Арнольд Альшванг - Бетховен
Д-р Мараж отмечает, что люди с больным лабиринтом часто слышат восхитительную музыку, не удерживаемую памятью. Внутренняя экзальтация, свойственная Бетховену в часы творчества, подтверждает, по мнению Ромэн Роллана, лабиринтное происхождение его болезни[74].
Нет сомнения, что композитор особенно остро переживал свой недуг именно в первые годы. Высшая степень его отчаяния выражена в знаменитом «Гейлигенштадтском завещании», найденном среди сокровенных документов после смерти композитора. Оно было написано в октябре 1802 года, в просторном крестьянском доме селенья Гейлигенштадт, недалеко от Вены, где, по предписанию своего нового врача — профессора Шмидта, Бетховен провел полгода (с весны до осени 1802 г.) в полном уединении. Его окружали леса и поля, вблизи протекал Дунай, а на горизонте виднелась голубоватая полоска Карпатских гор. Среди благодатной тишины он напряженно создавал одно из наиболее жизнерадостных своих произведений — Вторую симфонию. Но, закончив ее, композитор впал в глубокую меланхолию. Несколько месяцев уединенной жизни в общении с природой нисколько не улучшили его слуха. Воображению Бетховена рисовались мрачные картины будущего. Результатом угнетенного состояния его и явилось знаменитое письмо к братьям, впоследствии названное «Гейлигенштадтским завещанием». Вот оно:
«Моим братьям Карлу и …[75] прочесть и исполнить после моей смерти.

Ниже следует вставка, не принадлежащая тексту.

(* Let $G$ be a finite non-abelian group and $S\subseteq G$ a nonempty subset, with $\partial S$ its edge boundary in $\mathcal C_G$. (A) If $S$ satisfies any one of: (1) $S\cap Z(G)=\emptyset$; (2) $Z(G)\subseteq S$ and $|S|\le |G|/2$; (3) $S\subseteq Z(G)$; then $\frac{|\partial S|}{|S|}\ge |Z(G)|$. (B) If $S\cap Z(G)\neq\emptyset$ and $Z(G)\setminus S\neq\emptyset$, then $$|\partial S|=|S|\,|Z(G)|+|Z(G)\cap S|\big(|G|-2|S|-|Z(G)\setminus S|\big)+\sum_{u\in S\setminus Z(G)}|\mathcal F_u\setminus S|,$$ where $\mathcal F_u=C(u)\setminus Z(G)$ for $u\in G\setminus Z(G)$.
   Context: For a finite group $G$, the commuting graph $\mathcal C_G$ is the simple undirected graph with vertex set $G$ in which distinct $u,v\in G$ are adjacent iff $uv=vu$. $Z(G)$ is the center of $G$ and $C(v)=\{w\in G: wv=vw\}$ the centralizer of $v$. For $S\subseteq G$, $\partial S$ is the set of edges of $\mathcal C_G$ with one endpoint in $S$ and the other in $G\setminus S$. *)

From mathcomp Require Import all_boot all_order all_algebra all_fingroup all_solvable.
Set Implicit Arguments. Unset Strict Implicit. Unset Printing Implicit Defensive.

Local Open Scope group_scope.

(* Edge set of the commuting graph restricted to the boundary of S:
   unordered edges {u, v} with u in S, v outside S, and u v = v u.
   (u <> v is automatic since u \in S and v \notin S.) *)
Definition boundary (gT : finGroupType) (S : {set gT}) : {set {set gT}} :=
  [set [set u; v] | u in S, v in ~: S & u * v == v * u].

Definition Fu (gT : finGroupType) (u : gT) : {set gT} :=
  'C[u] :\: 'Z([set: gT]).

From mathcomp Require Import all_boot all_order all_algebra all_fingroup all_solvable.
From mathcomp Require Import zify.
Set Implicit Arguments.
Unset Strict Implicit.
Unset Printing Implicit Defensive.
Local Open Scope group_scope.

(* Write Z for the centre of G.  Every boundary edge {u, v} of S has
   exactly one endpoint u in S, and v then ranges over C(u) \ S, so
       |∂S| = Σ_{u ∈ S} |C(u) \ S|                              (card_boundary).
   A central u commutes with everything, so C(u) \ S = G \ S; for every u the centre
   lies in C(u), so C(u) \ S is the disjoint union of Z \ S and F_u \ S.  Hence
       |∂S| = |S ∩ Z|·|G \ S| + |S \ Z|·|Z \ S| + Σ_{u ∈ S \ Z} |F_u \ S|
                                                          (card_boundary_split).
   Part (B) is this identity rearranged (boundary_formula).  For part (A) the sum is
   dropped and each hypothesis kills one product: |S ∩ Z| = 0 in case (1),
   |Z \ S| = 0 in case (2) and |S \ Z| = 0 in case (3); cases (2) and (3) also need
   |G \ S| ≥ |Z|, which in case (3) comes from 2|Z| ≤ |G|, i.e. from the centre of a
   non-abelian group having index at least 2 (center_card_half).  Neither part uses
   the non-emptiness hypotheses of the theorem. *)

Lemma edge_of_pair_inj (T : finType) (S : {set T}) :
  {in [pred p : T * T | (p.1 \in S) && (p.2 \notin S)] &,
    injective (fun p : T * T => [set p.1; p.2])}.
Proof.
move=> [u1 v1] [u2 v2] /andP[/= u1S v1S] /andP[/= u2S v2S] E.
have : u1 \in [set u2; v2] by rewrite -E !inE eqxx.
have : v1 \in [set u2; v2] by rewrite -E !inE eqxx orbT.
rewrite !inE => /orP[/eqP v1u2 | /eqP ->] /orP[/eqP -> | /eqP u1v2] //.
1,2: by rewrite v1u2 u2S in v1S.
by rewrite -u1v2 u1S in v2S.
Qed.

Lemma center_card_half (gT : finGroupType) (G : {group gT}) :
  ~~ abelian G -> (2 * #|'Z(G)| <= #|G|)%N.
Proof.
move=> nabG; rewrite -(Lagrange (center_sub G)) mulnC leq_mul2l indexg_gt1.
apply/orP; right; apply: contra nabG => sGZ.
by apply/center_idP/eqP; rewrite eqEsubset center_sub.
Qed.

Section CommutingGraphBoundary.

Variable gT : finGroupType.
Implicit Types (S : {set gT}) (u : gT).

Local Notation Z := 'Z([set: gT]).

Lemma card_boundary S : #|boundary S| = (\sum_(u in S) #|'C[u] :\: S|)%N.
Proof.
pose P := [set p : gT * gT | [&& p.1 \in S, p.2 \notin S & p.1 * p.2 == p.2 * p.1]].
have -> : boundary S = (fun p : gT * gT => [set p.1; p.2]) @: P.
  apply/setP => X; apply/imset2P/imsetP.
  - case=> u v uS; rewrite inE => /andP[vS cuv] ->.
    by exists (u, v); rewrite // inE /= uS -in_setC vS.
  - case=> [[u v]]; rewrite inE /= => /and3P[uS vS cuv] ->.
    by exists u v; rewrite // inE in_setC vS.
rewrite card_in_imset; last first.
  move=> p q; rewrite !inE => /and3P[p1S p2S _] /and3P[q1S q2S _].
  by apply: (@edge_of_pair_inj _ S); apply/andP.
rewrite -sum1_card (eq_bigl _ _ (fun p => in_set _ p)) /=.
rewrite -(pair_big_dep (fun u => u \in S)
  (fun u v => (v \notin S) && (u * v == v * u)) (fun _ _ => 1%N)) /=.
apply: eq_bigr => u uS; rewrite -sum1_card; apply: eq_bigl => v.
by rewrite in_setD; congr (_ && _); apply/eqP/cent1P => /esym.
Qed.

Lemma cent1_central u : u \in Z -> 'C[u] = [set: gT].
Proof.
move=> /centerP[_ cZu]; apply/setP => v; rewrite in_setT; apply/cent1P.
by apply/esym/cZu; rewrite inE.
Qed.

Lemma center_sub_cent1 u : Z \subset 'C[u].
Proof. by apply/subsetP => z /centerP[_ cZz]; apply/cent1P/cZz; rewrite inE. Qed.

Lemma card_cent1_out u S : #|'C[u] :\: S| = (#|Z :\: S| + #|Fu u :\: S|)%N.
Proof.
rewrite -(cardsID Z ('C[u] :\: S)); congr (_ + _)%N; apply: eq_card => v.
  rewrite in_setI !in_setD; case vZ: (v \in Z); rewrite ?andbF ?andbT //.
  by rewrite (subsetP (center_sub_cent1 u)) ?andbT.
by rewrite /Fu !in_setD andbCA.
Qed.

Lemma card_boundary_split S :
  #|boundary S| = (#|Z :&: S| * #|~: S| + #|S :\: Z| * #|Z :\: S|
                   + \sum_(u in S :\: Z) #|Fu u :\: S|)%N.
Proof.
rewrite card_boundary (big_setID Z) /= -addnA; congr (_ + _)%N.
  rewrite setIC -sum_nat_const; apply: eq_bigr => u /setIP[uZ _].
  by rewrite cent1_central // setTD.
rewrite -sum_nat_const -big_split; apply: eq_bigr => u _.
exact: card_cent1_out.
Qed.

Lemma center_cardinals S :
  [/\ (#|Z :&: S| + #|S :\: Z| = #|S|)%N, (#|Z :&: S| + #|Z :\: S| = #|Z|)%N
    & (#|S| + #|~: S| = #|[set: gT]|)%N].
Proof. by split; [rewrite setIC cardsID | rewrite cardsID | rewrite cardsC cardsT]. Qed.

Lemma boundary_formula S :
  ((#|boundary S| : int)
    = (#|S| * #|Z|)%:Z
      + (#|Z :&: S|)%:Z * ((#|[set: gT]|)%:Z - 2 * (#|S|)%:Z - (#|Z :\: S|)%:Z)
      + (\sum_(u in S :\: Z) #|Fu u :\: S|)%:Z)%R.
Proof.
rewrite card_boundary_split; move: (\sum_(u in _) _)%N => sumF.
have [cardS cardZ cardG] := center_cardinals S; lia.
Qed.

Lemma boundary_lower_bound S :
  ~~ abelian [set: gT] ->
  [disjoint S & Z] \/ (Z \subset S /\ (#|S| * 2 <= #|[set: gT]|)%N)
    \/ S \subset Z ->
  (#|S| * #|Z| <= #|boundary S|)%N.
Proof.
move=> nabG hyp.
have halfZ : (2 * #|Z| <= #|[set: gT]|)%N := center_card_half nabG.
have [cardS cardZ cardG] := center_cardinals S.
rewrite card_boundary_split; move: (\sum_(u in _) _)%N => sumF.
case: hyp => [dSZ | [[sZS halfS] | sSZ]].
-
  have noZS : #|Z :&: S| = 0%N by rewrite setIC (disjoint_setI0 dSZ) cards0.
  by nia.
-
  have noZoutS : #|Z :\: S| = 0%N by apply/eqP; rewrite cards_eq0 setD_eq0.
  by nia.
-
  have noSoutZ : #|S :\: Z| = 0%N by apply/eqP; rewrite cards_eq0 setD_eq0.
  have leSZ : (#|S| <= #|Z|)%N := subset_leq_card sSZ.
  have leZSc : (#|Z| <= #|~: S|)%N by lia.
  move: cardS; rewrite noSoutZ addn0 mul0n addn0 => ->.
  by apply: leq_trans (leq_addr _ _); rewrite leq_mul2l leZSc orbT.
Qed.

End CommutingGraphBoundary.

Theorem lemma3p5 (gT : finGroupType) (S : {set gT}) :
  ~~ abelian [set: gT] -> S != set0 ->
  ( ( [disjoint S & 'Z([set: gT])]
      \/ ('Z([set: gT]) \subset S /\ (#|S| * 2 <= #|[set: gT]|)%N)
      \/ S \subset 'Z([set: gT]) ) ->
    (#|S| * #|'Z([set: gT])| <= #|boundary S|)%N )
  /\
  ( S :&: 'Z([set: gT]) != set0 -> 'Z([set: gT]) :\: S != set0 ->
    (#|boundary S| : int)
      = (#|S| * #|'Z([set: gT])|)%:Z
        + (#|'Z([set: gT]) :&: S|)%:Z
            * ((#|[set: gT]|)%:Z - 2 * (#|S|)%:Z - (#|'Z([set: gT]) :\: S|)%:Z)
        + (\sum_(u in S :\: 'Z([set: gT])) #|Fu u :\: S|)%:Z )%R.
Proof.
move=> nabG _; split; first exact: boundary_lower_bound.
by move=> _ _; apply: boundary_formula.
Qed.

О люди, считающие или называющие меня неприязненным, упрямым, мизантропом, как несправедливы вы ко мне! Вы не знаете тайной причины того, что вам мнится. Мое сердце и разум с детства склонны были к нежному чувству доброты. Я готов был даже на подвиги. Но подумайте только: шесть лет, как я страдаю неизлечимой болезнью, ухудшаемой лечением несведущих врачей. С каждым годом все больше теряя надежду на выздоровление, я стою перед длительной болезнью (излечение которой возьмет годы или, должно быть, совершенно невозможно). От рождения будучи пылкого, живого темперамента, склонный к общественным развлечениям, я рано должен был обособляться, вести замкнутую жизнь. Если временами я хотел всем этим пренебречь, о, как жестоко, с какой удвоенной силой напоминал мне о горькой действительности мой поврежденный слух! И все-таки у меня недоставало духу сказать людям: говорите громче, кричите, ведь я глух. Ах, как мог я дать заметить слабость того чувства, которое должно быть у меня совершеннее, чем у других, чувства, высшей степенью совершенства которого я обладал, — как им обладают и обладали лишь немногие представители моей профессии. О, этого сделать я не в силах. Простите поэтому, если я, на ваш взгляд, сторонюсь вас вместо того, чтобы сближаться, как бы мне того хотелось. Мое несчастье для меня вдвойне мучительно потому, что мне приходится скрывать его. Для меня нет отдыха в человеческом обществе, нет интимной беседы, нет взаимных излияний. Я почти совсем одинок и могу появляться в обществе только в случаях крайней необходимости. Я должен жить изгнанником. Когда же я бываю в обществе, то меня кидает в жар от страха, что мое состояние обнаружится. Так было и в те полгода, которые я провел в деревне. Мой врач благоразумно предписал мне насколько только возможно беречь мой слух, хотя и шел навстречу естественной моей потребности; но я, увлеченный стремлением к обществу, иной раз не мог устоять перед соблазном. Какое, однако, унижение чувствовал я, когда кто-нибудь, находясь рядом со мной, издали слышал флейту, а я ничего не слышал, или он слышал пение пастуха, а я опять-таки ничего не слышал!..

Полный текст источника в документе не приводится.